Theorem mainTheorem2 (R : realType) (n q : nat) (A : 'M[R[i]]_n)
    (N : 'cV[R[i]]_n -> R)
    (lam : 'I_q -> R[i]) (m : 'I_q -> nat) (ch : 'I_n -> 'I_q)
    (pos : 'I_n -> nat) (V : 'M[R[i]]_n) :
  (0 < n)%N ->
  is_vector_norm N ->
  jordan_basis A lam m ch pos V ->
  [/\ 0 < inf [set ind_norm N (Q1 lam m ch pos V t) | t in [set: R]],
      (forall u : 'cV[R[i]]_n, RLGE lam m ch pos V u ->
         0 < inf [set N (Q1 lam m ch pos V t *m u) | t in [set: R]])
    & (forall y0 z0 : 'cV[R[i]]_n, y0 != 0 -> N z0 = 1 ->
         RLGE lam m ch pos V y0 -> RLGE lam m ch pos V z0 ->
         let yh := real_complex R ((N y0)^-1) *: y0 in
         (exists c1 c2 : R, 0 < c1 /\ forall t : R,
            c1 <= N (Q1 lam m ch pos V t *m z0) / N (Q1 lam m ch pos V t *m yh) <= c2) /\
         (exists c1 c2 : R, 0 < c1 /\ forall t : R,
            c1 <= ind_norm N (Q1 lam m ch pos V t) / N (Q1 lam m ch pos V t *m yh) <= c2))].
Proof.
move=> n_gt0 hN hJ; set Q := Q1 lam m ch pos V.
have [K Q_le] := Q1_mulmx_le lam m ch pos V hN.
have Q_ge := Q1_RLGE_lower hJ hN.
have Q_unit_bounds x : N x = 1 -> RLGE lam m ch pos V x ->
    exists2 d, 0 < d & forall t, d <= N (Q t *m x) <= K.
  move=> Nx1 /Q_ge [d d_gt0 Qx_ge]; exists d => // t.
  by rewrite Qx_ge -[K]mulr1 -Nx1 Q_le.
have [x x_neq0 RLGEx] := exists_RLGE hJ n_gt0.
have [Nx1 RLGEx1] := RLGE_normalize hN x_neq0 RLGEx.
have [dx dx_gt0 Qx_bounds] := Q_unit_bounds _ Nx1 RLGEx1.
have ind_norm_Q t : dx <= ind_norm N (Q t) <= K.
  by case/andP: (Qx_bounds t) => Qx_ge _; exact: ind_norm_bounds Nx1 Qx_ge (Q_le t).
split.
- by apply: lt_le_trans dx_gt0 (inf_image_ge 0 _) => t; case/andP: (ind_norm_Q t).
- by move=> u /Q_ge [d d_gt0 Qu_ge]; apply: lt_le_trans d_gt0 (inf_image_ge 0 Qu_ge).
move=> y0 z0 y0_neq0 Nz1 RLGEy RLGEz yh.
have [Nyh1 RLGEyh] := RLGE_normalize hN y0_neq0 RLGEy.
have [dz dz_gt0 Qz_bounds] := Q_unit_bounds _ Nz1 RLGEz.
have [dy dy_gt0 Qy_bounds] := Q_unit_bounds _ Nyh1 RLGEyh.
split; first exact: (ratio_bounded (0 : R) dz_gt0 dy_gt0 Qz_bounds Qy_bounds).
exact: (ratio_bounded (0 : R) dx_gt0 dy_gt0 ind_norm_Q Qy_bounds).
Qed.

· · ·

:: WHAT IS EXPECTED ::
Print out the whole of the material above exactly.

:: EXPECTED ANSWER ::
Theorem mainTheorem2 (R : realType) (n q : nat) (A : 'M[R[i]]_n)
    (N : 'cV[R[i]]_n -> R)
    (lam : 'I_q -> R[i]) (m : 'I_q -> nat) (ch : 'I_n -> 'I_q)
    (pos : 'I_n -> nat) (V : 'M[R[i]]_n) :
  (0 < n)%N ->
  is_vector_norm N ->
  jordan_basis A lam m ch pos V ->
  [/\ 0 < inf [set ind_norm N (Q1 lam m ch pos V t) | t in [set: R]],
      (forall u : 'cV[R[i]]_n, RLGE lam m ch pos V u ->
         0 < inf [set N (Q1 lam m ch pos V t *m u) | t in [set: R]])
    & (forall y0 z0 : 'cV[R[i]]_n, y0 != 0 -> N z0 = 1 ->
         RLGE lam m ch pos V y0 -> RLGE lam m ch pos V z0 ->
         let yh := real_complex R ((N y0)^-1) *: y0 in
         (exists c1 c2 : R, 0 < c1 /\ forall t : R,
            c1 <= N (Q1 lam m ch pos V t *m z0) / N (Q1 lam m ch pos V t *m yh) <= c2) /\
         (exists c1 c2 : R, 0 < c1 /\ forall t : R,
            c1 <= ind_norm N (Q1 lam m ch pos V t) / N (Q1 lam m ch pos V t *m yh) <= c2))].
Proof.
move=> n_gt0 hN hJ; set Q := Q1 lam m ch pos V.
have [K Q_le] := Q1_mulmx_le lam m ch pos V hN.
have Q_ge := Q1_RLGE_lower hJ hN.
have Q_unit_bounds x : N x = 1 -> RLGE lam m ch pos V x ->
    exists2 d, 0 < d & forall t, d <= N (Q t *m x) <= K.
  move=> Nx1 /Q_ge [d d_gt0 Qx_ge]; exists d => // t.
  by rewrite Qx_ge -[K]mulr1 -Nx1 Q_le.
have [x x_neq0 RLGEx] := exists_RLGE hJ n_gt0.
have [Nx1 RLGEx1] := RLGE_normalize hN x_neq0 RLGEx.
have [dx dx_gt0 Qx_bounds] := Q_unit_bounds _ Nx1 RLGEx1.
have ind_norm_Q t : dx <= ind_norm N (Q t) <= K.
  by case/andP: (Qx_bounds t) => Qx_ge _; exact: ind_norm_bounds Nx1 Qx_ge (Q_le t).
split.
- by apply: lt_le_trans dx_gt0 (inf_image_ge 0 _) => t; case/andP: (ind_norm_Q t).
- by move=> u /Q_ge [d d_gt0 Qu_ge]; apply: lt_le_trans d_gt0 (inf_image_ge 0 Qu_ge).
move=> y0 z0 y0_neq0 Nz1 RLGEy RLGEz yh.
have [Nyh1 RLGEyh] := RLGE_normalize hN y0_neq0 RLGEy.
have [dz dz_gt0 Qz_bounds] := Q_unit_bounds _ Nz1 RLGEz.
have [dy dy_gt0 Qy_bounds] := Q_unit_bounds _ Nyh1 RLGEyh.
split; first exact: (ratio_bounded (0 : R) dz_gt0 dy_gt0 Qz_bounds Qy_bounds).
exact: (ratio_bounded (0 : R) dx_gt0 dy_gt0 ind_norm_Q Qy_bounds).
Qed.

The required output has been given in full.